# services/communication/guest-register-configmap.yaml
apiVersion: v1
kind: ConfigMap
metadata:
  name: matrix-guest-register
data:
  server.py: |
    import base64
    import json
    import os
    import random
    import secrets
    from http.server import BaseHTTPRequestHandler, HTTPServer
    from urllib import error, parse, request

    SYNAPSE_BASE = os.environ.get("SYNAPSE_BASE", "http://othrys-synapse-matrix-synapse:8008").rstrip("/")
    AUTH_BASE = os.environ.get("AUTH_BASE", "http://matrix-authentication-service:8080").rstrip("/")
    SERVER_NAME = os.environ.get("MATRIX_SERVER_NAME", "live.bstein.dev")

    SEEDER_USER = os.environ["SEEDER_USER"]
    SEEDER_PASS = os.environ["SEEDER_PASS"]

    # Basic rate limiting (best-effort) to avoid accidental abuse.
    # Count requests per client IP over a short window.
    RATE_WINDOW_SEC = int(os.environ.get("RATE_WINDOW_SEC", "60"))
    RATE_MAX = int(os.environ.get("RATE_MAX", "30"))
    _rate = {}  # ip -> [window_start, count]

    ADJ = ["brisk", "calm", "eager", "gentle", "merry", "nifty", "rapid", "sunny", "witty", "zesty"]
    NOUN = ["otter", "falcon", "comet", "ember", "grove", "harbor", "meadow", "raven", "river", "summit"]

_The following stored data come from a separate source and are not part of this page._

Lemma pred_ext {A : Type} (P Q : A -> Prop) : (forall x, P x <-> Q x) -> P = Q.
Proof.
  intro h. apply functional_extensionality; intro x. now apply propositional_extensionality.
Qed.

Lemma NoDup_list_prod {A B : Type} (l : list A) (l' : list B) :
  NoDup l -> NoDup l' -> NoDup (list_prod l l').
Proof.
  induction l as [|a l IH]; intros hl hl'; [constructor|].
  inversion_clear hl as [|? ? ha hl0]. simpl. apply NoDup_app; auto.
  - apply NoDup_map_NoDup_ForallPairs; auto. now intros x y _ _ [= ->].
  - intros [x y] hx hy. apply in_map_iff in hx as [z [[= <- _] _]].
    now apply in_prod_iff in hy as [? _].
Qed.

Fixpoint bool_lists (n : nat) : list (list bool) :=
  match n with
  | O => nil :: nil
  | S n => map (cons true) (bool_lists n) ++ map (cons false) (bool_lists n)
  end.

Lemma bool_lists_complete n l : length l = n -> In l (bool_lists n).
Proof.
  revert l; induction n as [|n IH]; intros [|b l] hl; try discriminate; [now left|].
  simpl; apply in_or_app. destruct b; [left|right]; apply in_map, IH; auto.
Qed.

Lemma NoDup_bool_lists_length n (L : list (list bool)) :
  NoDup L -> (forall l, In l L -> length l = n) -> (length L <= 2 ^ n)%nat.
Proof.
  intros hnd hlen. replace (2 ^ n)%nat with (length (bool_lists n)).
  - apply NoDup_incl_length; auto. intros l hl; now apply bool_lists_complete, hlen.
  - clear hlen. induction n as [|n IH]; auto. simpl. rewrite length_app, !length_map. lia.
Qed.

Lemma has_card_unique {A : Type} (P : A -> Prop) m m' :
  has_card P m -> has_card P m' -> m = m'.
Proof.
  intros [l [hl [<- hP]]] [l' [hl' [<- hP']]].
  apply Nat.le_antisymm; apply NoDup_incl_length; auto; intros x hx.
  - now apply hP', hP.
  - now apply hP, hP'.
Qed.

Lemma card_of_has_card {A : Type} (P : A -> Prop) m : has_card P m -> card_of P = m.
Proof.
  intro h. apply (has_card_unique P); auto.
  unfold card_of. apply epsilon_spec. eauto.
Qed.

Lemma has_card_le_inj {A B : Type} (P : A -> Prop) (P' : B -> Prop) (f : A -> B) m m' :
  has_card P m -> has_card P' m' -> (forall x, P x -> P' (f x)) ->
  (forall x y, P x -> P y -> f x = f y -> x = y) -> (m <= m')%nat.
Proof.
  intros [l [hl [<- hP]]] [l' [hl' [<- hP']]] hf hinj.
  rewrite <- (length_map f l). apply NoDup_incl_length.
  - apply NoDup_map_NoDup_ForallPairs; auto. intros x y hx hy; apply hinj; now apply hP.
  - intros y hy. apply in_map_iff in hy as [x [<- hx]]. now apply hP', hf, hP.
Qed.

Definition at_most {A : Type} (P : A -> Prop) (b : nat) : Prop :=
  forall l, NoDup l -> (forall x, In x l -> P x) -> (length l <= b)%nat.

Lemma at_most_has_card {A : Type} (P : A -> Prop) b : at_most P b -> exists m, has_card P m.
Proof.
  intro hb.
  enough (H : forall k l, NoDup l -> (forall x, In x l -> P x) -> (b - length l <= k)%nat ->
                exists m, has_card P m) by (apply (H b nil); simpl; auto using NoDup_nil; lia).
  induction k as [|k IH]; intros l hnd hl hk;
    (destruct (classic (forall x, P x -> In x l)) as [hall|[x hx]%not_all_ex_not];
     [exists (length l), l; repeat split; auto|apply imply_to_and in hx as [hPx hx]]).
  - assert (length (x :: l) <= b)%nat by (apply hb; [now constructor|intros y [<-|hy]; auto]).
    simpl in *; lia.
  - apply (IH (x :: l)); [now constructor|intros y [<-|hy]; auto|simpl; lia].
Qed.

Lemma at_most_inj {A B : Type} (P : A -> Prop) (P' : B -> Prop) (f : A -> B) b :
  at_most P' b -> (forall x, P x -> P' (f x)) ->
  (forall x y, P x -> P y -> f x = f y -> x = y) -> at_most P b.
Proof.
  intros hb hf hinj l hnd hl. rewrite <- (length_map f). apply hb.
  - apply NoDup_map_NoDup_ForallPairs; auto. intros x y hx hy; apply hinj; auto.
  - intros y hy. apply in_map_iff in hy as [x [<- hx]]; auto.
Qed.

Lemma has_card_at_most {A : Type} (P : A -> Prop) t : has_card P t -> at_most P t.
Proof.
  intros [l [hl [<- hP]]] l' hl' hsub. apply NoDup_incl_length; auto.
  intros x hx. now apply hP, hsub.
Qed.

Lemma has_card_subset {A : Type} (P P' : A -> Prop) t :
  has_card P' t -> (forall x, P x -> P' x) -> exists m, has_card P m.
Proof.
  intros hcard hsub. apply (at_most_has_card P t).
  apply (at_most_inj P P' (fun x => x)); auto. now apply has_card_at_most.
Qed.

Lemma length_le_fibers {A B : Type} (f : A -> B) (L : list A) (M : list B) (b : nat) :
  NoDup L -> (forall x, In x L -> In (f x) M) ->
  (forall y, at_most (fun x => In x L /\ f x = y) b) ->
  (length L <= b * length M)%nat.
Proof.
  revert L. induction M as [|y M IH]; intros L hnd hin hfib.
  - destruct L as [|x L]; [simpl; lia|]. destruct (hin x (or_introl eq_refl)).
  - set (over_y := fun x => if excluded_middle_informative (f x = y) then true else false).
    rewrite <- (filter_length over_y L).
    assert (length (filter over_y L) <= b)%nat.
    { apply (hfib y); [now apply NoDup_filter|].
      intros x hx. apply filter_In in hx as [hx hy]. unfold over_y in hy.
      destruct excluded_middle_informative; easy. }
    assert (length (filter (fun x => negb (over_y x)) L) <= b * length M)%nat.
    { apply IH; [now apply NoDup_filter| |].
      - intros x hx. apply filter_In in hx as [hx hy]. unfold over_y in hy.
        destruct excluded_middle_informative; [easy|].
        destruct (hin x hx); [congruence|easy].
      - intros y' l hl hsub. apply (hfib y'); auto. intros x hx.
        destruct (hsub x hx) as [hxL hfx]. now apply filter_In in hxL as [? _]. }
    simpl; lia.
Qed.

Lemma has_card_disjoint_union {A : Type} (P : nat -> A -> Prop) (a : nat -> nat) (I : list nat) :
  NoDup I -> (forall i, In i I -> has_card (P i) (a i)) ->
  (forall i j x, In i I -> In j I -> P i x -> P j x -> i = j) ->
  has_card (fun x => exists i, In i I /\ P i x) (fold_right Nat.add 0%nat (map a I)).
Proof.
  induction I as [|i I IH]; intros hnd hcard hdisj.
  - exists nil. split; [constructor|split; [reflexivity|]]. now intros x; split; [intros [? [[] _]]|].
  - inversion_clear hnd as [|? ? hi hnd'].
    destruct IH as [L [hL [hlen hiff]]]; auto.
    { intros j hj; apply hcard; now right. }
    { intros j j' x hj hj'; apply hdisj; now right. }
    destruct (hcard i (or_introl eq_refl)) as [l [hl [hlen' hiff']]].
    exists (l ++ L). split; [|split].
    + apply NoDup_app; auto. intros x hx hx'.
      apply hiff in hx' as [j [hj hjx]]. apply hiff' in hx.
      assert (i = j) as <- by (apply (hdisj i j x); simpl; auto). contradiction.
    + rewrite length_app; simpl; lia.
    + intro x. rewrite in_app_iff. split.
      * intros [j [[<-|hj] hx]]; [left; now apply hiff'|right; apply hiff; eauto].
      * intros [hx|hx].
        -- exists i; split; [now left|now apply hiff'].
        -- apply hiff in hx as [j [hj hx]]. exists j; split; [now right|auto].
Qed.

Lemma prime_power_coprime (p t d e : nat) : prime (Z.of_nat p) -> ~ Nat.divide p t ->
  Nat.divide d (p ^ e) -> Nat.divide d t -> d = 1%nat.
Proof.
  intros hp hpt hde hdt.
  assert (Zdiv : forall a b, Nat.divide a b -> (Z.of_nat a | Z.of_nat b)%Z).
  { intros a b [c ->]. exists (Z.of_nat c). now rewrite Nat2Z.inj_mul. }
  assert (hrel : rel_prime (Z.of_nat t) (Z.of_nat p)).
  { apply rel_prime_sym, prime_rel_prime; auto. intros [c hc]. apply hpt.
    exists (Z.to_nat c). pose proof (prime_ge_2 _ hp). apply Nat2Z.inj.
    rewrite Nat2Z.inj_mul, Z2Nat.id; [lia|]. nia. }
  assert (hrele : rel_prime (Z.of_nat t) (Z.of_nat (p ^ e))).
  { clear hde. induction e as [|e IH]; [apply rel_prime_sym, rel_prime_1|].
    rewrite Nat.pow_succ_r', Nat2Z.inj_mul. now apply rel_prime_mult. }
  destruct hrele as [_ _ hgcd].
  specialize (hgcd _ (Zdiv _ _ hdt) (Zdiv _ _ hde)). apply Z.divide_1_r in hgcd. lia.
Qed.

Declare Scope group_scope.
Local Infix "**" := (gmul _) (at level 40, left associativity) : group_scope.
Local Notation "x ^-1" := (ginv _ x) (at level 3, format "x ^-1") : group_scope.
Local Notation one := (gone _).
Local Open Scope group_scope.

Section GroupTheory.
Variable G : group.
Implicit Types x y : G.

Lemma mulKg x y : x^-1 ** (x ** y) = y.
Proof. now rewrite gmulA, gmulV, gmul1. Qed.

Lemma mulgV x : x ** x^-1 = one.
Proof.
  transitivity ((x^-1)^-1 ** x^-1 ** (x ** x^-1)).
  - now rewrite (gmulV _ (x^-1)), gmul1.
  - now rewrite <- gmulA, (mulKg x), gmulV.
Qed.

Lemma mulg1 x : x ** one = x.
Proof. now rewrite <- (gmulV _ x), gmulA, mulgV, gmul1. Qed.

Lemma mulKVg x y : x ** (x^-1 ** y) = y.
Proof. now rewrite gmulA, mulgV, gmul1. Qed.

Lemma invg_unique x y : x ** y = one -> x = y^-1.
Proof. intro h. now rewrite <- (mulg1 x), <- (mulgV y), gmulA, h, gmul1. Qed.

Lemma invgK x : (x^-1)^-1 = x.
Proof. symmetry; apply invg_unique, mulgV. Qed.

Lemma invMg x y : (x ** y)^-1 = y^-1 ** x^-1.
Proof.
  symmetry; apply invg_unique.
  now rewrite <- gmulA, mulKg, gmulV.
Qed.

Lemma invg1 : (gone G)^-1 = one.
Proof. symmetry; apply invg_unique, gmul1. Qed.

End GroupTheory.

Global Hint Rewrite <- gmulA : group_simpl.
Global Hint Rewrite invMg invgK invg1 : group_simpl.
Global Hint Rewrite gmulV mulgV mulKg mulKVg gmul1 mulg1 : group_simpl.
Tactic Notation "gsimpl" := autorewrite with group_simpl.
Tactic Notation "gsimpl" "in" hyp(h) := autorewrite with group_simpl in h.

Section Subgroups.
Variable G : group.
Implicit Types (x y a b : G) (H K L : G -> Prop).

Lemma subgroup1 H : subgroup G H -> H one.
Proof. now intros [h _]. Qed.

Lemma subgroupM H x y : subgroup G H -> H x -> H y -> H (x ** y).
Proof. intros [_ [h _]]; auto. Qed.

Lemma subgroupV H x : subgroup G H -> H x -> H x^-1.
Proof. intros [_ [_ h]]; auto. Qed.

Lemma subgroupVr H x : subgroup G H -> H x^-1 -> H x.
Proof. intros hH h. rewrite <- invgK. now apply subgroupV. Qed.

    def _json(method, url, *, token=None, body=None, timeout=20):
        headers = {"Content-Type": "application/json"}
        if token:
            headers["Authorization"] = f"Bearer {token}"
        data = None
        if body is not None:
            data = json.dumps(body).encode()
        req = request.Request(url, data=data, headers=headers, method=method)
        try:
            with request.urlopen(req, timeout=timeout) as resp:
                raw = resp.read()
                payload = json.loads(raw.decode()) if raw else {}
                return resp.status, payload
        except error.HTTPError as e:
            raw = e.read()
            try:
                payload = json.loads(raw.decode()) if raw else {}
            except Exception:
                payload = {}
            return e.code, payload

    _seeder_token = None
    _seeder_token_at = 0.0

    def _login(user, password):
        status, payload = _json(
            "POST",
            f"{AUTH_BASE}/_matrix/client/v3/login",
            body={
                "type": "m.login.password",
                "identifier": {"type": "m.id.user", "user": user},
                "password": password,
            },
            timeout=20,
        )
        if status != 200 or "access_token" not in payload:
            raise RuntimeError("login_failed")
        return payload

    def _seeder_access_token(now):
        global _seeder_token, _seeder_token_at
        if _seeder_token and (now - _seeder_token_at) < 300:
            return _seeder_token
        payload = _login(SEEDER_USER, SEEDER_PASS)
        _seeder_token = payload["access_token"]
        _seeder_token_at = now
        return _seeder_token

    def _create_user(admin_token, localpart, password, displayname):
        user_id = f"@{localpart}:{SERVER_NAME}"
        status, payload = _json(
            "PUT",
            f"{SYNAPSE_BASE}/_synapse/admin/v2/users/{parse.quote(user_id)}",
            token=admin_token,
            body={
                "password": password,
                "admin": False,
                "deactivated": False,
                "displayname": displayname,
            },
            timeout=25,
        )
        if status not in (200, 201):
            raise RuntimeError("user_create_failed")
        return user_id

    def _generate_localpart():
        return "guest-" + secrets.token_hex(6)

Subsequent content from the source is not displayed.